Your assignment: Of all the lines below, output only those starting at the one with "induction n." and ending at the one with "pose proof (poch_pos", both ends included, exactly as written.

(Saved entries)
_ _ _ _ _

Lemma has_deg_le_scal d c f : has_deg_le d f -> has_deg_le d (fun k => c * f k).
Proof.
  revert f; induction d; simpl; intros f Hf.
  - intros k. now rewrite Hf.
  - refine (has_deg_le_ext _ _ _ _ (IHd _ Hf)). intros k. unfold fdiff. ring.
Qed.

Lemma has_deg_le_const d c : has_deg_le d (fun _ => c).
Proof.
  induction d; simpl.
  - reflexivity.
  - refine (has_deg_le_ext _ (fun _ => 0 * c) _ _ (has_deg_le_scal _ 0 _ IHd)).
    intros k. unfold fdiff. ring.
Qed.

Lemma has_deg_le_shift d f : has_deg_le d f -> has_deg_le d (fun k => f (S k)).
Proof.
  revert f; induction d; simpl; intros f Hf.
  - intros k. apply Hf.
  - exact (IHd (fdiff f) Hf).
Qed.

Lemma has_deg_le_mul_affine d f al be :
  has_deg_le d f -> has_deg_le (S d) (fun k => f k * (al * INR k + be)).
Proof.
  revert f; induction d; intros f Hf.
  - simpl. intros k. unfold fdiff. rewrite !Hf, !S_INR. ring.
  - change (has_deg_le (S d) (fdiff (fun k => f k * (al * INR k + be)))).
    simpl in Hf.
    (* Leibniz rule for [fdiff] *)
    apply (has_deg_le_ext _ (fun k => fdiff f k * (al * INR k + be) + al * f (S k))).
    + intros k. unfold fdiff. rewrite S_INR. ring.
    + apply has_deg_le_plus.
      * now apply IHd.
      * apply has_deg_le_scal. exact (has_deg_le_shift (S d) f Hf).
Qed.

Lemma alt_sum_deg_lt d f n : has_deg_le d f -> (d < n)%nat -> alt_sum n f = 0.
Proof.
  revert f n; induction d; intros f [|n] Hf Hn; try lia; rewrite alt_sum_S.
  - rewrite (alt_sum_ext _ _ (fun k => 0 * 1)).
    + rewrite alt_sum_scal. ring.
    + intros k. unfold fdiff. rewrite Hf. ring.
  - rewrite (IHd _ n Hf) by lia. ring.
Qed.

Lemma poch_S_l m y : poch y (S m) = y * poch (y + 1) m.
Proof.
  revert y; induction m; intros y.
  - simpl. ring.
  - change (poch y (S (S m))) with (poch y (S m) * (y + INR (S m))).
    rewrite IHm, S_INR.
    change (poch (y + 1) (S m)) with (poch (y + 1) m * (y + 1 + INR m)). ring.
Qed.

Lemma poch_pos m y : 0 < y -> 0 < poch y m.
Proof.
  intros Hy. induction m; simpl.
  - lra.
  - apply Rmult_lt_0_compat; auto. pose proof (pos_INR m). lra.
Qed.

Lemma poch_1 n : poch 1 n = INR (fact n).
Proof.
  induction n; simpl poch.
  - reflexivity.
  - rewrite IHn. change (fact (S n)) with (S n * fact n)%nat.
    rewrite mult_INR, S_INR. ring.
Qed.

(* [poch_quot a n t = ((a + t)_n - (a)_n) / t], a polynomial of degree [n - 1] in [t]. *)
Fixpoint poch_quot (a : R) (n : nat) (t : R) : R :=
  match n with
  | O => 0
  | S m => poch a m + poch_quot a m t * (a + INR m + t)
  end.

Lemma poch_plus n a t : poch (a + t) n = poch a n + t * poch_quot a n t.
Proof. induction n; simpl; [|rewrite IHn]; ring. Qed.

Lemma has_deg_le_poch_quot n a al be :
  has_deg_le n (fun k => poch_quot a (S n) (al * INR k + be)).
Proof.
  induction n.
  - intros k. simpl. ring.
  - apply (has_deg_le_ext _ (fun k => poch a (S n)
        + poch_quot a (S n) (al * INR k + be) * (al * INR k + (a + INR (S n) + be)))).
    + intros k. change (poch_quot a (S (S n)) ?t)
        with (poch a (S n) + poch_quot a (S n) t * (a + INR (S n) + t)). ring.
    + apply has_deg_le_plus.
      * apply has_deg_le_const.
      * now apply has_deg_le_mul_affine.
Qed.

Lemma alt_sum_poch_quot n a al be :
  alt_sum n (fun k => poch_quot a n (al * INR k + be)) = 0.
Proof.
  destruct n as [|n].
  - unfold alt_sum. simpl. ring.
  - exact (alt_sum_deg_lt n _ _ (has_deg_le_poch_quot n a al be) (Nat.lt_succ_diag_r n)).
Qed.

Lemma alt_sum_inv_poch n m x : 0 < x ->
  alt_sum n (fun k => / poch (x + INR k) m) = poch (INR m) n / poch x (n + m).
Proof.
  revert m x; induction n; intros m x Hx.
  - unfold alt_sum. simpl. rewrite Rplus_0_r. field. apply Rgt_not_eq, poch_pos; lra.
  - rewrite alt_sum_S.
    rewrite (alt_sum_ext _ _ (fun k => - INR m * / poch (x + INR k) (S m))).
    + rewrite alt_sum_scal, IHn, Nat.add_succ_r, (poch_S_l n (INR m)), S_INR by lra.
      simpl (S n + m)%nat. field. apply Rgt_not_eq, poch_pos; lra.
    + intros k. unfold fdiff. rewrite S_INR, <- Rplus_assoc.
      set (y := x + INR k).
      assert (Hy : 0 < y) by (unfold y; pose proof (pos_INR k); lra).
      pose proof (poch_pos m y Hy). pose proof (pos_INR m).
      assert (Hshift : poch (y + 1) m = poch y m * (y + INR m) / y).
      { apply (Rmult_eq_reg_l y); [|lra]. rewrite <- poch_S_l. simpl poch. field. lra. }
      simpl poch. rewrite Hshift. field. lra.
Qed.

Lemma pow_m1_sub n i : (i <= n)%nat -> (-1) ^ (n - i) = (-1) ^ n * (-1) ^ i.
Proof.
  intros Hi. replace n with ((n - i) + i)%nat at 2 by lia.
  rewrite pow_add, Rmult_assoc, <- Rpow_mult_distr.
  replace (-1 * -1) with 1 by ring. rewrite pow1. ring.
Qed.

Lemma binom_moment_sum n (h : nat -> R) c s : -1 < s ->
  (forall k, h k = INR k / 2 + c) ->
  sum_f_R0 (fun k => Binomial.C n k * gbinom n (h k) * (-1) ^ (n - k) / (INR k + s + 1)) n
  = (-1) ^ n * poch (c + 1/2 - s/2) n / poch (s + 1) (n + 1).
Proof.
  intros hs hh.
  set (a := c + 1/2 - s/2).
  set (g k := poch (h k + 1) n / (INR k + s + 1)).
  transitivity ((-1) ^ n / INR (fact n) * alt_sum n g).
  { unfold alt_sum. rewrite scal_sum. apply sum_eq. intros k Hk.
    rewrite binom_pascal_C, (pow_m1_sub n k) by lia. unfold g, gbinom. field.
    pose proof (pos_INR k). split; [apply INR_fact_neq_0 | lra]. }
  (* with [t = (k + s + 1) / 2]: [(k/2 + c + 1)_n = (a)_n + t * poch_quot a n t] *)
  rewrite (alt_sum_ext _ g (fun k => poch a n * / poch (s + 1 + INR k) 1
                                     + / 2 * poch_quot a n (/ 2 * INR k + (s + 1) / 2))).
  2:{ intros k. unfold g. rewrite hh.
      replace (INR k / 2 + c + 1) with (a + (/ 2 * INR k + (s + 1) / 2)) by (unfold a; field).
      rewrite poch_plus. simpl poch. field. pose proof (pos_INR k). lra. }
  rewrite alt_sum_plus, !alt_sum_scal, alt_sum_poch_quot, alt_sum_inv_poch by lra.
  simpl (INR 1). rewrite poch_1. field.
  split; [apply Rgt_not_eq, poch_pos; lra | apply INR_fact_neq_0].
Qed.

Lemma is_RInt_pow_Rpower k s e : -1 < s -> 0 < e ->
  is_RInt (fun x => x ^ k * Rpower x s) e 1
    ((1 - Rpower e (INR k + s + 1)) / (INR k + s + 1)).
Proof.
  intros hs he.
  set (r := INR k + s + 1).
  assert (hr : 0 < r) by (unfold r; pose proof (pos_INR k); lra).
  assert (Hpos : forall x, Rmin e 1 <= x -> 0 < x).
  { intros x Hx. apply Rlt_le_trans with (2 := Hx). apply Rmin_glb_lt; lra. }
  apply (is_RInt_ext (fun x => Rpower x (r - 1))).
  { intros x [Hx _]. replace (r - 1) with (INR k + s) by (unfold r; ring).
    rewrite Rpower_plus, Rpower_pow by (apply Hpos; lra). reflexivity. }
  replace ((1 - Rpower e r) / r)
    with (minus ((fun x => / r * Rpower x r) 1) ((fun x => / r * Rpower x r) e)).
  2:{ unfold minus, plus, opp; simpl. unfold Rpower at 1. rewrite ln_1, Rmult_0_r, exp_0.
      field. lra. }
  assert (Hder : forall x, 0 < x -> is_derive (fun x => Rpower x r) x (r * Rpower x (r - 1))).
  { intros x Hx. apply is_derive_Reals, derivable_pt_lim_power, Hx. }
  apply (is_RInt_derive (fun x => / r * Rpower x r)).
  - intros x [Hx _].
    replace (Rpower x (r - 1)) with (/ r * (r * Rpower x (r - 1))) by (field; lra).
    apply is_derive_scal, Hder, Hpos, Hx.
  - intros x [Hx _]. apply (ex_derive_continuous (fun x => Rpower x (r - 1))).
    eexists. apply is_derive_Reals, derivable_pt_lim_power, Hpos, Hx.
Qed.

Lemma is_RInt_poly_Rpower (c : nat -> R) n s e : -1 < s -> 0 < e ->
  is_RInt (fun x => sum_f_R0 (fun k => c k * x ^ k) n * Rpower x s) e 1
    (sum_f_R0 (fun k => c k * ((1 - Rpower e (INR k + s + 1)) / (INR k + s + 1))) n).
Proof.
  intros hs he.
  assert (Hk : forall k, is_RInt (fun x => c k * x ^ k * Rpower x s) e 1
                 (c k * ((1 - Rpower e (INR k + s + 1)) / (INR k + s + 1)))).
  { intros k. apply (is_RInt_ext (fun x => scal (c k) (x ^ k * Rpower x s))).
    - intros x _. unfold scal; simpl. unfold mult; simpl. ring.
    - exact (is_RInt_scal _ _ _ (c k) _ (is_RInt_pow_Rpower k s e hs he)). }
  induction n as [|n IHn].
  - exact (Hk 0%nat).
  - apply (is_RInt_ext (fun x => plus (sum_f_R0 (fun k => c k * x ^ k) n * Rpower x s)
                                      (c (S n) * x ^ S n * Rpower x s))).
    + intros x _. unfold plus; simpl. ring.
    + exact (is_RInt_plus _ _ _ _ _ _ IHn (Hk (S n))).
Qed.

_ _ _ _ _

Solution:
  induction n.
  - intros k. simpl. ring.
  - apply (has_deg_le_ext _ (fun k => poch a (S n)
        + poch_quot a (S n) (al * INR k + be) * (al * INR k + (a + INR (S n) + be)))).
    + intros k. change (poch_quot a (S (S n)) ?t)
        with (poch a (S n) + poch_quot a (S n) t * (a + INR (S n) + t)). ring.
    + apply has_deg_le_plus.
      * apply has_deg_le_const.
      * now apply has_deg_le_mul_affine.
Qed.

Lemma alt_sum_poch_quot n a al be :
  alt_sum n (fun k => poch_quot a n (al * INR k + be)) = 0.
Proof.
  destruct n as [|n].
  - unfold alt_sum. simpl. ring.
  - exact (alt_sum_deg_lt n _ _ (has_deg_le_poch_quot n a al be) (Nat.lt_succ_diag_r n)).
Qed.

Lemma alt_sum_inv_poch n m x : 0 < x ->
  alt_sum n (fun k => / poch (x + INR k) m) = poch (INR m) n / poch x (n + m).
Proof.
  revert m x; induction n; intros m x Hx.
  - unfold alt_sum. simpl. rewrite Rplus_0_r. field. apply Rgt_not_eq, poch_pos; lra.
  - rewrite alt_sum_S.
    rewrite (alt_sum_ext _ _ (fun k => - INR m * / poch (x + INR k) (S m))).
    + rewrite alt_sum_scal, IHn, Nat.add_succ_r, (poch_S_l n (INR m)), S_INR by lra.
      simpl (S n + m)%nat. field. apply Rgt_not_eq, poch_pos; lra.
    + intros k. unfold fdiff. rewrite S_INR, <- Rplus_assoc.
      set (y := x + INR k).
      assert (Hy : 0 < y) by (unfold y; pose proof (pos_INR k); lra).
      pose proof (poch_pos m y Hy). pose proof (pos_INR m).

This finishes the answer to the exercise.